We’re doing lazy backstrokes, feeling on the top of the damn world, when we hear a cry. It’s a woman’s cry, from further down the shore.

“Help!” she shrieks. “Help me!”

Birdie

Everything that could go wrong has. And now I am in the lake, struggling to stay above water.

“Help!” I cry again, wishing I had jumped in my stepdad Hank’s truck and hightailed it out of town instead of running from his run-down house and jumping into the small boat in the lake. I wasn’t thinking straight. I was thinking of one thing alone — get the hell away from the man who has tormented me for so long. I didn’t realize this boat has been left unused because there is a hole in the bottom of it.

The water started rising, and the boat sank deeper and deeper. I held onto the oar as the boat went underwater, and then I started swimming.

But I didn’t swim back toward the old shack. I started swimming across the lake to the place where I’ve seen smoke rising from a chimney. Someone is out here. And maybe it’s someone who can help me get away.
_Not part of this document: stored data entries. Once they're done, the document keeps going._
(* Let $f:X\to Y$ be a local homeomorphism between metric spaces, where $X$ is complete and $Y$ is path-connected and locally $\mathcal R$-contractible. Suppose that (1) for every bounded subset $B$ of $X$, $\inf_{x\in B}D_x^-f>0$; and (2) for some $y_0\in Y$ and $x_0\in X$, $d(f(x),y_0)\to\infty$ as $d(x,x_0)\to\infty$. Then $f$ is a covering projection.
   Context: A path $p:[0,1]\to Y$ is rectifiable if its length $\sup\sum_i d(p(t_i),p(t_{i+1}))$ (over partitions of $[0,1]$) is finite. $Y$ is locally $\mathcal R$-contractible if every $y_0\in Y$ has an open neighborhood $U$ with a continuous homotopy $H:U\times[0,1]\to U$ such that $H(y_0,t)=y_0$ for all $t$, $H(y,0)=y_0$, $H(y,1)=y$ for all $y\in U$, and each path $t\mapsto H(y,t)$ is rectifiable. For non-isolated $x\in X$, $D_x^-f=\liminf_{z\to x,\,z\neq x}\frac{d(f(z),f(x))}{d(z,x)}$; $X$ is assumed to have no isolated points. *)

From Stdlib Require Import Reals Lra.
From Coquelicot Require Import Rbar Lub.
Open Scope R_scope.

Record MetricSpace := MkMetricSpace {
  mcarrier :> Type;
  mdist : mcarrier -> mcarrier -> R;
  mdist_ge0 : forall x y, 0 <= mdist x y;
  mdist_eq0 : forall x y, mdist x y = 0 <-> x = y;
  mdist_sym : forall x y, mdist x y = mdist y x;
  mdist_tri : forall x y z, mdist x z <= mdist x y + mdist y z
}.
Arguments mdist {m} x y.

Definition m_open {X : MetricSpace} (U : X -> Prop) : Prop :=
  forall x, U x -> exists eps, 0 < eps /\ forall z, mdist x z < eps -> U z.

Definition m_continuous_on {X Y : MetricSpace} (A : X -> Prop) (f : X -> Y) : Prop :=
  forall x, A x -> forall eps, 0 < eps -> exists delta, 0 < delta /\
    forall z, A z -> mdist x z < delta -> mdist (f x) (f z) < eps.

Definition m_continuous {X Y : MetricSpace} (f : X -> Y) : Prop := m_continuous_on (fun _ => True) f.

Definition homeo_onto {X Y : MetricSpace} (f : X -> Y) (U : X -> Prop) (V : Y -> Prop) : Prop :=
  exists g : Y -> X,
    (forall x, U x -> V (f x) /\ g (f x) = x) /\
    (forall y, V y -> U (g y) /\ f (g y) = y) /\
    m_continuous_on U f /\ m_continuous_on V g.

Definition local_homeomorphism {X Y : MetricSpace} (f : X -> Y) : Prop :=
  forall x, exists (U : X -> Prop) (V : Y -> Prop),
    U x /\ m_open U /\ m_open V /\ homeo_onto f U V.

(* covering projection (Spanier): continuous, surjective, and every point of Y
   has an open neighbourhood V evenly covered by f *)
Definition covering_projection {X Y : MetricSpace} (f : X -> Y) : Prop :=
  m_continuous f /\ (forall y, exists x, f x = y) /\
  forall y, exists (V : Y -> Prop), V y /\ m_open V /\
    exists (I : Type) (W : I -> X -> Prop),
      (forall i, m_open (W i)) /\
      (forall i j x, W i x -> W j x -> i = j) /\
      (forall x, V (f x) <-> exists i, W i x) /\
      (forall i, homeo_onto f (W i) V).

Definition m_complete (X : MetricSpace) : Prop :=
  forall u : nat -> X,
    (forall eps, 0 < eps -> exists N, forall m n, (N <= m)%nat -> (N <= n)%nat ->
        mdist (u m) (u n) < eps) ->
    exists l, forall eps, 0 < eps -> exists N, forall n, (N <= n)%nat -> mdist (u n) l < eps.

Definition no_isolated_points (X : MetricSpace) : Prop :=
  forall (x : X) eps, 0 < eps -> exists z, z <> x /\ mdist z x < eps.

Definition m_bounded {X : MetricSpace} (B : X -> Prop) : Prop :=
  exists M, forall a b, B a -> B b -> mdist a b <= M.

(* lower Dini-type derivative
   D_x^- f = liminf_{z -> x, z <> x} d(f z, f x) / d(z, x)
           = sup_{delta > 0} inf_{0 < d(z,x) < delta} d(f z, f x) / d(z, x) *)
Definition lower_deriv {X Y : MetricSpace} (f : X -> Y) (x : X) : Rbar :=
  Rbar_lub (fun v => exists delta, 0 < delta /\
    v = Rbar_glb (fun w => exists z, z <> x /\ mdist z x < delta /\
                     w = Finite (mdist (f z) (f x) / mdist z x))).


Section PathDefs.
Variable Y : MetricSpace.

Definition unit_I (t : R) : Prop := 0 <= t <= 1.

Definition R_metric : MetricSpace.
Proof.
  refine (MkMetricSpace R (fun a b => Rabs (a - b)) _ _ _ _).
  - intros; apply Rabs_pos.
  - intros x y; split; intro H.
    + destruct (Req_dec (x - y) 0) as [E|E]; [lra|].
      exfalso; apply (Rabs_no_R0 _ E); exact H.
    + subst; rewrite Rminus_diag; apply Rabs_R0.
  - intros; apply Rabs_minus_sym.
  - intros x y z; replace (x - z) with ((x - y) + (y - z)) by ring; apply Rabs_triang.
Defined.

(* a path: a map [0,1] -> Y (represented on R), continuous on [0,1] *)
Definition is_path (p : R -> Y) : Prop := m_continuous_on (X:=R_metric) unit_I p.

Definition path_connected : Prop :=
  forall y1 y2 : Y, exists p : R -> Y, is_path p /\ p 0 = y1 /\ p 1 = y2.

Fixpoint poly_sum (p : R -> Y) (t : nat -> R) (n : nat) : R :=
  match n with
  | O => 0
  | S k => poly_sum p t k + mdist (p (t k)) (p (t (S k)))
  end.

Definition rectifiable (p : R -> Y) : Prop :=
  exists M, forall (n : nat) (t : nat -> R),
    t O = 0 -> t n = 1 -> (forall i, (i < n)%nat -> t i <= t (S i)) ->
    poly_sum p t n <= M.

Definition locally_R_contractible : Prop :=
  forall y0 : Y, exists (U : Y -> Prop) (H : Y -> R -> Y),
    U y0 /\ m_open U /\
    (forall y t, U y -> unit_I t -> U (H y t)) /\
    (forall y t, U y -> unit_I t -> forall eps, 0 < eps -> exists delta, 0 < delta /\
       forall y' t', U y' -> unit_I t' -> mdist y y' < delta -> Rabs (t - t') < delta ->
         mdist (H y t) (H y' t') < eps) /\
    (forall t, unit_I t -> H y0 t = y0) /\
    (forall y, U y -> H y 0 = y0 /\ H y 1 = y) /\
    (forall y, U y -> rectifiable (H y)).

End PathDefs.

(* A rectifiable path [g] in [Y] lifts through [f]. Its preimage is bounded by the
   properness hypothesis, so the lower derivative of [f] exceeds some [c > 0] along any
   partial lift [a]; hence [c d(a s, a t)] is at most the length of [g] on [[s, t]], the
   partial lift is Cauchy at the right end of its interval and, [X] being complete,
   extends over it, after which the local homeomorphism continues it further.
   Local R-contractibility gives each [y] a neighbourhood [U] contracted onto [y] along
   rectifiable paths [H w]; lifting them from the points of the fibre over [y] yields
   sheets over [U], continuous in [w] by uniqueness of lifts, and the same lifting along
   a path from [f x0] shows that [f] is onto. *)

From Stdlib Require Import Reals Lra Lia Classical ClassicalEpsilon ProofIrrelevance.
From Coquelicot Require Import Rbar Lub.
Open Scope R_scope.
(* Let $E$ be a set and $\sigma = (\sigma_I)_{I \in \mathcal{F}(E)}$ a virtual permutation of $E$. Let $x, y \in E$. Then exactly one of the following holds: (a) for every finite $I \subset E$ containing $x$ and $y$, the elements $x$ and $y$ lie in the same cycle of $\sigma_I$; (b) for every finite $I \subset E$ containing $x$ and $y$, the elements $x$ and $y$ lie in different cycles of $\sigma_I$. Moreover, the relation ''$x$ and $y$ satisfy (a)'' is an equivalence relation on $E$.
   Context: $\mathcal{F}(E)$ denotes the set of finite subsets of $E$, and $\Sigma_I$ the symmetric group of a finite set $I$. For finite $I \subset J$ and a permutation $\tau$ of $J$, ''removing the elements of $J\setminus I$ from the cycle structure of $\tau$'' produces the permutation $\pi_{J,I}(\tau)$ of $I$ defined by $\pi_{J,I}(\tau)(x) = \tau^m(x)$ where $m \geq 1$ is the smallest integer with $\tau^m(x) \in I$. A virtual permutation of $E$ is a family $(\sigma_I)_{I \in \mathcal{F}(E)}$ with $\sigma_I \in \Sigma_I$ and $\sigma_I = \pi_{J,I}(\sigma_J)$ whenever $I \subset J$ are finite subsets of $E$. *)

From mathcomp Require Import all_boot.
From mathcomp Require Import boolp classical_sets cardinality.
Set Implicit Arguments. Unset Strict Implicit. Unset Printing Implicit Defensive.
Local Open Scope classical_set_scope.

(* A permutation of I is represented by a function f : E -> E whose
   restriction to I is a bijection of I (values outside I are irrelevant). *)
Definition is_perm_of {E : Type} (I : set E) (f : E -> E) : Prop :=
  (forall x, I x -> I (f x)) /\
  (forall x y, I x -> I y -> f x = f y -> x = y) /\
  (forall y, I y -> exists2 x, I x & f x = y).

Definition first_return {E : Type} (I : set E) (tau : E -> E) (x : E) (z : E) : Prop :=
  exists m : nat, (0 < m)%N /\ I (iter m tau x) /\
    (forall k : nat, (0 < k)%N -> (k < m)%N -> ~ I (iter k tau x)) /\
    z = iter m tau x.

Definition virtual_permutation {E : Type} (sigma : set E -> E -> E) : Prop :=
  (forall I : set E, finite_set I -> is_perm_of I (sigma I)) /\
  (forall I J : set E, finite_set I -> finite_set J -> I `<=` J ->
     forall x, I x -> first_return I (sigma J) x (sigma I x)).

Definition same_cycle {E : Type} (f : E -> E) (x y : E) : Prop :=
  exists k : nat, iter k f x = y.

Definition cycle_related {E : Type} (sigma : set E -> E -> E) (x y : E) : Prop :=
  forall I : set E, finite_set I -> I x -> I y -> same_cycle (sigma I) x y.

(* Removing points from a cycle structure never merges or splits cycles: the
   first-return map of tau on I follows the orbits of tau, so for x, y in
   I c J, x and y share a sigma_I-cycle iff they share a sigma_J-cycle.  Any
   two finite sets containing x and y are compared through their union, which
   gives the dichotomy; symmetry comes from the periodicity of permutations of
   finite sets, and transitivity from adding the middle point to I. *)
From mathcomp Require Import all_boot.
From mathcomp Require Import boolp classical_sets cardinality.
From mathcomp Require Import zify.
Set Implicit Arguments. Unset Strict Implicit. Unset Printing Implicit Defensive.
Local Open Scope classical_set_scope.

Section PermOfFiniteSet.
Variables (E : Type) (I : set E) (f : E -> E).
Hypothesis f_perm : is_perm_of I f.

Lemma perm_iter_mem x k : I x -> I (iter k f x).
Proof. by case: f_perm => f_mem _ Ix; elim: k => [|k IH] //=; exact: f_mem. Qed.

Lemma perm_iter_inj k x y : I x -> I y -> iter k f x = iter k f y -> x = y.
Proof.
case: f_perm => _ [f_inj _]; elim: k x y => [|k IH] x y Ix Iy //= e.
by apply: IH => //; apply: f_inj e; exact: perm_iter_mem.
Qed.

Lemma perm_iter_periodic x : finite_set I -> I x ->
  exists2 p, (0 < p)%N & iter p f x = x.
Proof.
move=> fin_I Ix.
have [[i [j [lt_ij eq_ij]]]|] :=
  pselect (exists i j, (i < j)%N /\ iter i f x = iter j f x).
  exists (j - i)%N; first by rewrite subn_gt0.
  apply: (@perm_iter_inj i) => //; first exact: perm_iter_mem.
  by rewrite -iterD subnKC ?eq_ij // ltnW.
move=> no_repeat; exfalso; apply: infinite_nat.
have -> : [set: nat] = (fun k => iter k f x) @^-1` I.
  by apply/seteqP; split=> k //= _; exact: perm_iter_mem.
apply: finite_preimage => // i j _ _ eq_ij.
by case: (ltngtP i j) => // lt_ij; case: no_repeat; [exists i, j | exists j, i].
Qed.

Lemma same_cycle_sym x y : finite_set I -> I x ->
  same_cycle f x y -> same_cycle f y x.
Proof.
move=> fin_I Ix [k <-]; have [p p_gt0 fix_x] := perm_iter_periodic fin_I Ix.
have fix_kx : iter (k * p) f x = x.
  by elim: k {fix_x}(fix_x) => [|k IH] e //; rewrite mulSn iterD IH.
by exists (k * p - k)%N; rewrite -iterD subnK // leq_pmulr.
Qed.

End PermOfFiniteSet.

Lemma same_cycle_refl (E : Type) (f : E -> E) x : same_cycle f x x.
Proof. by exists 0%N. Qed.

Lemma same_cycle_trans (E : Type) (f : E -> E) x y z :
  same_cycle f x y -> same_cycle f y z -> same_cycle f x z.
Proof. by case=> k <- [l <-]; exists (l + k)%N; rewrite iterD. Qed.

Section FirstReturn.
Variables (E : Type) (I : set E) (tau f : E -> E).
Hypothesis f_return : forall x, I x -> first_return I tau x (f x).

Lemma first_return_mem x : I x -> I (f x).
Proof. by move=> /f_return [m [_ [Im [_ ->]]]]. Qed.

Lemma iter_first_return x k : I x -> exists m, iter k f x = iter m tau x.
Proof.
move=> Ix; elim: k => [|k [m IH]]; first by exists 0%N.
have : I (iter k f x) by elim: k {IH} => [|k IHk] //=; exact: first_return_mem.
rewrite iterS => /f_return [m' [_ [_ [_ ->]]]].
by exists (m' + m)%N; rewrite iterD -IH.
Qed.

(* Strong induction on the number of tau-steps: the first of them that lands
   in I is exactly one step of f. *)
Lemma same_cycle_first_return x y : I x -> I y ->
  same_cycle tau x y -> same_cycle f x y.
Proof.
move=> + Iy [k]; elim/ltn_ind: k x => -[|k] IH x Ix tau_xy.
  by rewrite -tau_xy; exact: same_cycle_refl.
have [m [m_gt0 [_ [m_min fx_def]]]] := f_return Ix.
have le_mk : (m <= k.+1)%N.
  by rewrite leqNgt; apply/negP => lt_km; apply: (m_min k.+1); rewrite ?tau_xy.
have [l <-] : same_cycle f (f x) y.
  apply: (IH (k.+1 - m)%N); first by lia.
    exact: first_return_mem.
  by rewrite fx_def -iterD subnK.
by exists l.+1; rewrite iterSr.
Qed.

Lemma same_cycle_first_returnE x y : I x -> I y ->
  same_cycle f x y <-> same_cycle tau x y.
Proof.
move=> Ix Iy; split; last exact: same_cycle_first_return.
by case=> k <-; have [m ->] := iter_first_return k Ix; exists m.
Qed.

End FirstReturn.

Section VirtualPermutation.
Variables (E : Type) (sigma : set E -> E -> E).
Hypothesis sigma_vp : virtual_permutation sigma.

Lemma same_cycle_sub I J x y : finite_set I -> finite_set J -> I `<=` J ->
  I x -> I y -> same_cycle (sigma I) x y <-> same_cycle (sigma J) x y.
Proof.
move=> fin_I fin_J sub_IJ; apply: same_cycle_first_returnE.
exact: (proj2 sigma_vp I J fin_I fin_J sub_IJ).
Qed.

Lemma same_cycle_transfer I J x y : finite_set I -> finite_set J ->
  I x -> I y -> J x -> J y ->
  same_cycle (sigma I) x y -> same_cycle (sigma J) x y.
Proof.
move=> fin_I fin_J Ix Iy Jx Jy.
have fin_IJ : finite_set (I `|` J) by rewrite finite_setU.
rewrite (same_cycle_sub fin_I fin_IJ (@subsetUl _ I J)) //.
by rewrite (same_cycle_sub fin_J fin_IJ (@subsetUr _ I J)).
Qed.

Lemma cycle_related_dichotomy x y :
  cycle_related sigma x y \/
  forall I, finite_set I -> I x -> I y -> ~ same_cycle (sigma I) x y.
Proof.
have [[I0 [fin_I0 [I0x [I0y I0_xy]]]]|none] := pselect (exists I0, finite_set I0
    /\ I0 x /\ I0 y /\ same_cycle (sigma I0) x y).
  by left=> I fin_I Ix Iy; exact: (same_cycle_transfer fin_I0 fin_I).
by right=> I fin_I Ix Iy I_xy; apply: none; exists I.
Qed.

Lemma cycle_related_sym x y : cycle_related sigma x y -> cycle_related sigma y x.
Proof.
move=> rel_xy I fin_I Iy Ix.
exact: (same_cycle_sym (proj1 sigma_vp I fin_I) fin_I Ix (rel_xy I fin_I Ix Iy)).
Qed.

Lemma cycle_related_trans x y z :
  cycle_related sigma x y -> cycle_related sigma y z -> cycle_related sigma x z.
Proof.
move=> rel_xy rel_yz I fin_I Ix Iz.
have fin_Iy : finite_set (I `|` [set y]) by rewrite finite_setU; split.
rewrite (same_cycle_sub fin_I fin_Iy (@subsetUl _ I [set y])) //.
by apply: (same_cycle_trans (rel_xy _ fin_Iy _ _) (rel_yz _ fin_Iy _ _));
  by [left|right].
Qed.

End VirtualPermutation.

Theorem proposition2p5 (E : Type) (sigma : set E -> E -> E) :
  virtual_permutation sigma ->
  (forall x y : E,
     let A := forall I : set E, finite_set I -> I x -> I y ->
                same_cycle (sigma I) x y in
     let B := forall I : set E, finite_set I -> I x -> I y ->
                ~ same_cycle (sigma I) x y in
     (A \/ B) /\ ~ (A /\ B)) /\
  ((forall x : E, cycle_related sigma x x) /\
   (forall x y : E, cycle_related sigma x y -> cycle_related sigma y x) /\
   (forall x y z : E, cycle_related sigma x y -> cycle_related sigma y z ->
      cycle_related sigma x z)).
Proof.
move=> sigma_vp; split; last first.
  split; first by move=> x I _ _ _; exact: same_cycle_refl.
  by split; [exact: cycle_related_sym | exact: cycle_related_trans].
move=> x y A B; split; first exact: cycle_related_dichotomy.
case=> rel_xy not_rel_xy; have fin_xy := finite_set2 x y.
by apply: (not_rel_xy _ fin_xy _ _ (rel_xy _ fin_xy _ _)); by [left|right].
Qed.
(* Let $\phi:\mathbf{R}^n\to\mathbf{R}$ be a uniformly convex norm of class $\mathcal{C}^2$ on $\mathbf{R}^n\setminus\{0\}$, $K\subseteq\mathbf{R}^n$ closed, $0<s<t<\infty$, $1<\lambda<\infty$, and $K_{\lambda,s,t}=\{x:\rho^\phi_K(x)\ge\lambda,\ s\le\delta^\phi_K(x)\le t\}$. Then there exists $\Gamma\in\mathbf{R}$ depending only on $s,t,\lambda,\phi$ such that $$\phi(\xi^\phi_K(a)-y)\le\Gamma\,\phi(a-b)$$ whenever $a\in K_{\lambda,s,t}$, $b\in\mathbf{R}^n$, $y\in\xi^\phi_K(b)$ and $\delta^\phi_K(b)\le t$. In particular $\xi^\phi_K|K_{\lambda,s,t}$ is Lipschitz continuous.
   Context: A norm $\phi$ on $\mathbf{R}^n$ is uniformly convex if there is $\gamma>0$ such that $x\mapsto\phi(x)-\gamma|x|$ is convex. For closed $K$: $\delta^\phi_K(x)=\inf\{\phi(y-x):y\in K\}$; $\xi^\phi_K(x)=K\cap\{w:\phi(x-w)=\delta^\phi_K(x)\}$ (on $K_{\lambda,s,t}$ this set is a singleton, identified with its element); $\rho^\phi_K(x)=\sup\bigl(\mathbf{R}\cap\{s':\delta^\phi_K(w+s'(x-w))=s'\delta^\phi_K(x)\}\bigr)$ for any $w\in\xi^\phi_K(x)$ (independent of the choice of $w$). *)

From HB Require Import structures.
From mathcomp Require Import all_boot all_order all_algebra.
From mathcomp Require Import all_classical all_reals all_analysis.
Set Implicit Arguments. Unset Strict Implicit. Unset Printing Implicit Defensive.
Import Order.TTheory GRing.Theory Num.Theory.
Import numFieldNormedType.Exports.
Local Open Scope classical_set_scope.
Local Open Scope ring_scope.

Section Defs.
Variables (R : realType) (n : nat).
Notation V := 'rV[R]_n.

Definition eucl (x : V) : R := Num.sqrt (\sum_(i < n) x ord0 i ^+ 2).

Definition is_norm (phi : V -> R) : Prop :=
  [/\ forall x y, phi (x + y) <= phi x + phi y,
      forall (c : R) x, phi (c *: x) = `|c| * phi x
    & forall x, phi x = 0 -> x = 0].

Definition convex_fun (f : V -> R) : Prop :=
  forall x y (l : R), 0 <= l -> l <= 1 ->
    f ((1 - l) *: x + l *: y) <= (1 - l) * f x + l * f y.

Definition uniformly_convex (phi : V -> R) : Prop :=
  exists gamma : R, 0 < gamma /\ convex_fun (fun x => phi x - gamma * eucl x).

Definition e_ (i : 'I_n) : V := \row_(j < n) (if j == i then 1 else 0).

Definition C2_off0 (phi : V -> R) : Prop :=
  (forall x : V, x != 0 -> forall i : 'I_n, derivable phi x (e_ i)) /\
  (forall x : V, x != 0 -> forall i j : 'I_n,
      derivable (fun y => 'D_(e_ i) phi y) x (e_ j)) /\
  (forall i : 'I_n,
      {within [set x : V | x != 0], continuous (fun y => 'D_(e_ i) phi y)}) /\
  (forall i j : 'I_n,
      {within [set x : V | x != 0],
        continuous (fun y => 'D_(e_ j) (fun z => 'D_(e_ i) phi z) y)}).

Variable phi : V -> R.

Definition delta (K : set V) (x : V) : R := inf [set phi (y - x) | y in K].

Definition xi (K : set V) (x : V) : set V :=
  K `&` [set w | phi (x - w) = delta K x].

(* rho computed with an arbitrary (chosen) element w of xi K x *)
Definition rho (K : set V) (x : V) : \bar R :=
  let w := xget 0 (xi K x) in
  ereal_sup [set (s'%:E) | s' in
    [set s' : R | delta K (w + s' *: (x - w)) = s' * delta K x]].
I should have left a long time ago.

But now none of that matters. All that matters is the fact I am not a strong swimmer and even though the shore is within sight, I’m not sure I can make it in time. My arms are exhausted and I can’t hold up my head.

“We’re coming,” a man’s voice shouts, cutting through my terror. I gasp, water entering my lungs. “We’re almost there!”

Two men swim up to me as my eyes close, as I sink beneath the ice-cold mountain lake water.

But I don’t sink to the bottom… no. They lift me up. They have a hold on me.